*WHAT THE TASK REQUIRES*.
From the records below, copy each line in which the string "split" occurs.

*Collected data*.
**********

(* Monotonicity of [f] lets the telescoping sum carry the last value of [f]. *)
Lemma psum_step_bound_le a k :
  psum_from step_bound a k <= f (a + k + 1)%nat / 2 * (/ INR (a + 1) - / INR (a + k + 1)).
Proof.
  induction k as [|k IH]; cbn [psum_from].
  - rewrite Nat.add_0_r, Rminus_diag, Rmult_0_r. lra.
  - set (P := psum_from step_bound a k) in *. unfold step_bound.
    replace (a + k + 2)%nat with (S (S (a + k))) by lia.
    replace (a + S k + 1)%nat with (S (S (a + k))) by lia.
    replace (a + k + 1)%nat with (S (a + k)) in * by lia.
    pose proof (f_nondecr (S (a + k)) ltac:(lia)) as Hmono.
    set (F1 := f (S (a + k))) in *. set (F2 := f (S (S (a + k)))) in *.
    set (A := INR (a + 1)) in *. set (B := INR (S (a + k))) in *.
    assert (HA : 0 < A) by (unfold A; rewrite Nat.add_1_r; apply INR_S_pos).
    assert (HAB : A <= B) by (apply le_INR; lia).
    replace (INR (S (S (a + k)))) with (B + 1) by (unfold B; now rewrite (S_INR (S (a + k)))).
    assert (HX : 0 <= / A - / B).
    { assert (/ B <= / A) by (apply Rinv_le_contravar; lra). lra. }
    assert (F1 / 2 * (/ A - / B) <= F2 / 2 * (/ A - / B))
      by (apply Rmult_le_compat_r; lra).
    assert (E : F2 / (2 * (B + 1) * B) = F2 / 2 * (/ B - / (B + 1))) by (field; lra).
    rewrite E.
    replace (F2 / 2 * (/ A - / (B + 1)))
      with (F2 / 2 * (/ A - / B) + F2 / 2 * (/ B - / (B + 1))) by ring.
    lra.
Qed.

(** * From the walk to [b] *)

Variable u : nat -> Q.
Hypothesis u_step : forall n, Q2R (u (S n)) <= Q2R (u n) + step_bound n.

Definition scaled_walk (n : nat) : Q := (inject_Z (Z.of_nat n) * u (n - 1))%Q.

Lemma Q2R_scaled_walk n : Q2R (scaled_walk n) = INR n * Q2R (u (n - 1)).
Proof.
  unfold scaled_walk. rewrite Q2R_mult. f_equal.
  unfold Q2R, inject_Z; simpl. rewrite INR_IZR_INZ. field.
Qed.

Lemma ratio_scaled_walk n : (1 <= n)%nat -> (ratio scaled_walk n == u (n - 1))%Q.
Proof.
  intros Hn. unfold ratio, scaled_walk. field.
  unfold Qeq; simpl. lia.
Qed.

Lemma scaled_walk_subadditive n m : (1 <= n)%nat -> (1 <= m)%nat ->
  Q2R (scaled_walk (n + m)) <= Q2R (scaled_walk n) + Q2R (scaled_walk m) + f (n + m)%nat.
Proof.
  intros Hn Hm. destruct n as [|a]; [lia|]. destruct m as [|c]; [lia|].
  rewrite !Q2R_scaled_walk.
  replace (S a + S c - 1)%nat with (a + S c)%nat by lia.
  replace (S a - 1)%nat with a by lia. replace (S c - 1)%nat with c by lia.
  pose proof (increment_psum_le _ u u_step a (S c)) as Ha.
  pose proof (increment_psum_le _ u u_step c (S a)) as Hc.
  pose proof (psum_step_bound_le a (S c)) as Ba.
  pose proof (psum_step_bound_le c (S a)) as Bc.
  replace (c + S a)%nat with (a + S c)%nat in Hc by lia.
  replace (c + S a + 1)%nat with (S a + S c)%nat in Bc by lia.
  replace (a + S c + 1)%nat with (S a + S c)%nat in Ba by lia.
  rewrite Nat.add_1_r in Ba, Bc.
  pose proof (f_nonneg (S a + S c) ltac:(lia)).
  rewrite plus_INR in *.
  set (F := f (S a + S c)) in *. set (P := INR (S a)) in *. set (M := INR (S c)) in *.
  assert (HP : 0 < P) by apply INR_S_pos. assert (HM : 0 < M) by apply INR_S_pos.
  assert (Ea : P * (F / 2 * (/ P - / (P + M))) = F / 2 * (M / (P + M))) by (field; lra).
  assert (Ec : M * (F / 2 * (/ M - / (P + M))) = F / 2 * (P / (P + M))) by (field; lra).
  assert (Esum : F / 2 * (M / (P + M)) + F / 2 * (P / (P + M)) = F / 2) by (field; lra).
  nra.
Qed.

End StepBound.
(** A distance homothety preserves and reflects [≪], so [f] is an isomorphism
    of chronological structures.  Strong causality of [X] makes distinct points
    separable by Alexandrov-open sets, which forces [f] to be injective; hence
    [f] is a bijection whose inverse [g] pulls Alexandrov-open sets back to
    Alexandrov-open sets.  These are metric-open in [Y] since [τ̃] is lower
    semicontinuous, so [g] is continuous.
    For continuity of [f] at [x], let [K] be a compact neighbourhood of [f x]
    and [r] small.  The compact set [g(K \ B(f x, r))] misses [x], so some
    Alexandrov neighbourhood [N] of [x] misses it too.  [N] is causally convex
    and timelike curves of [Y] are continuous, so by the intermediate value
    theorem the condition [d̃(f x, f ·) < r] cannot change along [≪] inside [N].
    It holds at [x], hence at a point [a ≪ x] of [N] close to [x], hence on the
    metric neighbourhood [N ∩ I⁺(a)] of [x].  Finally a homeomorphism that is a
    chronological isomorphism transports strong causality. *)

From Stdlib Require Import Reals Lra List Classical ClassicalEpsilon FunctionalExtensionality.
From Coquelicot Require Import Coquelicot.
Open Scope R_scope.

Section Metric.
Context {Z : Type} (d : Z -> Z -> R).
Hypothesis d_metric : is_metric d.

Lemma dist_refl x : d x x = 0.
Proof. destruct d_metric as [_ [H _]]. now apply H. Qed.

Lemma dist_sym x y : d x y = d y x.
Proof. destruct d_metric as [_ [_ [H _]]]. apply H. Qed.

Lemma dist_triangle x y z : d x z <= d x y + d y z.
Proof. destruct d_metric as [_ [_ [_ H]]]. apply H. Qed.

Lemma dist_pos_neq x y : x <> y -> 0 < d x y.
Proof.
  intro Hxy. destruct d_metric as [Hge [Heq _]].
  destruct (Hge x y) as [H|H]; [exact H|].
  exfalso. apply Hxy, Heq. now symmetry.
Qed.

Lemma Rabs_dist_sub_le y u v : Rabs (d y u - d y v) <= d u v.
Proof.
  pose proof (dist_triangle y u v). pose proof (dist_triangle y v u).
  rewrite (dist_sym v u) in *. unfold Rabs; destruct Rcase_abs; lra.
Qed.

Lemma ball_open c r : open_set d (fun x => d c x < r).
Proof.
  intros x hx. exists (r - d c x). split; [lra|].
  intros y hy. pose proof (dist_triangle c x y). lra.
Qed.

Lemma point_complement_open q : open_set d (fun z => z <> q).
Proof.
  intros x hx. exists (d x q). split; [now apply dist_pos_neq|].
  intros y hy ->. lra.
Qed.
(* A countably infinite metric space is isometric to a dense subset of the Urysohn space $\mathbb U$ if and only if it satisfies the almost extension property.
   Context: $\mathbb U$ denotes Urysohn's universal separable metric space: the unique (up to isometry) complete separable metric space such that for every finite metric space $F=\{x_0,\dots,x_n\}$, every isometry $\{x_0,\dots,x_{n-1}\}\to\mathbb U$ extends to an isometry $F\to\mathbb U$. For $\lambda>1$, an injection $f$ is $\lambda$-bi-Lipschitz if for all distinct $a,b$ in its domain $d(f(a),f(b))<\lambda d(a,b)$ and $d(a,b)<\lambda d(f(a),f(b))$. A metric space $X$ has the almost extension property if for every finite metric space $F=\{x_0,\dots,x_{n-1},x_n\}$ and every $\lambda>1$, every $\lambda$-bi-Lipschitz map $f:\{x_0,\dots,x_{n-1}\}\to X$ extends to a $\lambda$-bi-Lipschitz map $\hat f:F\to X$. *)

From Stdlib Require Import Reals Lra.
Open Scope R_scope.

(* A metric on a type T. (Nonnegativity follows from these axioms.) *)
Record metric_on (T : Type) (d : T -> T -> R) : Prop := {
  met_eq0 : forall x y, d x y = 0 <-> x = y;
  met_sym : forall x y, d x y = d y x;
  met_tri : forall x y z, d x z <= d x y + d y z
}.

(* A finite metric space F = {x_0, ..., x_n}, with points indexed by 0..n
   and metric dF restricted to those indices. *)
Definition fin_metric (n : nat) (dF : nat -> nat -> R) : Prop :=
  (forall i j, (i <= n)%nat -> (j <= n)%nat -> (dF i j = 0 <-> i = j)) /\
  (forall i j, (i <= n)%nat -> (j <= n)%nat -> dF i j = dF j i) /\
  (forall i j k, (i <= n)%nat -> (j <= n)%nat -> (k <= n)%nat ->
      dF i k <= dF i j + dF j k).

Definition complete_space {T : Type} (d : T -> T -> R) : Prop :=
  forall u : nat -> T,
    (forall eps, 0 < eps -> exists N, forall m k, (N <= m)%nat -> (N <= k)%nat ->
        d (u m) (u k) < eps) ->
    exists l, forall eps, 0 < eps -> exists N, forall m, (N <= m)%nat -> d (u m) l < eps.

Definition dense_in {T : Type} (d : T -> T -> R) (A : T -> Prop) : Prop :=
  forall x eps, 0 < eps -> exists y, A y /\ d x y < eps.

Definition separable {T : Type} (d : T -> T -> R) : Prop :=
  exists s : nat -> T, dense_in d (fun y => exists k, s k = y).

Definition extension_property {T : Type} (d : T -> T -> R) : Prop :=
  forall (n : nat) (dF : nat -> nat -> R) (f : nat -> T),
    fin_metric n dF ->
    (forall i j, (i < n)%nat -> (j < n)%nat -> d (f i) (f j) = dF i j) ->
    exists g : nat -> T,
      (forall i, (i < n)%nat -> g i = f i) /\
      (forall i j, (i <= n)%nat -> (j <= n)%nat -> d (g i) (g j) = dF i j).

(* Urysohn space: complete separable metric space with the extension property
   (unique up to isometry). *)
Definition is_urysohn {T : Type} (d : T -> T -> R) : Prop :=
  metric_on T d /\ complete_space d /\ separable d /\ extension_property d.

Definition bilip (m : nat) (lam : R) (dF : nat -> nat -> R)
    {T : Type} (d : T -> T -> R) (f : nat -> T) : Prop :=
  (forall i j, (i < m)%nat -> (j < m)%nat -> f i = f j -> i = j) /\
  (forall i j, (i < m)%nat -> (j < m)%nat -> i <> j ->
      d (f i) (f j) < lam * dF i j /\ dF i j < lam * d (f i) (f j)).

Definition almost_extension_property {T : Type} (d : T -> T -> R) : Prop :=
  forall (n : nat) (dF : nat -> nat -> R) (lam : R) (f : nat -> T),
    fin_metric n dF -> 1 < lam ->
    bilip n lam dF d f ->
    exists g : nat -> T,
      (forall i, (i < n)%nat -> g i = f i) /\ bilip (S n) lam dF d g.

Definition countably_infinite (T : Type) : Prop :=
  exists e : nat -> T, (forall a b, e a = e b -> a = b) /\ (forall x, exists a, e a = x).

Definition isometric_to_dense_subset {T U : Type} (d : T -> T -> R) (dU : U -> U -> R) : Prop :=
  exists e : T -> U,
    (forall x y, dU (e x) (e y) = d x y) /\
    dense_in dU (fun u => exists x, e x = u).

**********

*FINAL ANSWER*.
  intros x hx. exists (r - d c x). split; [lra|].
  intros x hx. exists (d x q). split; [now apply dist_pos_neq|].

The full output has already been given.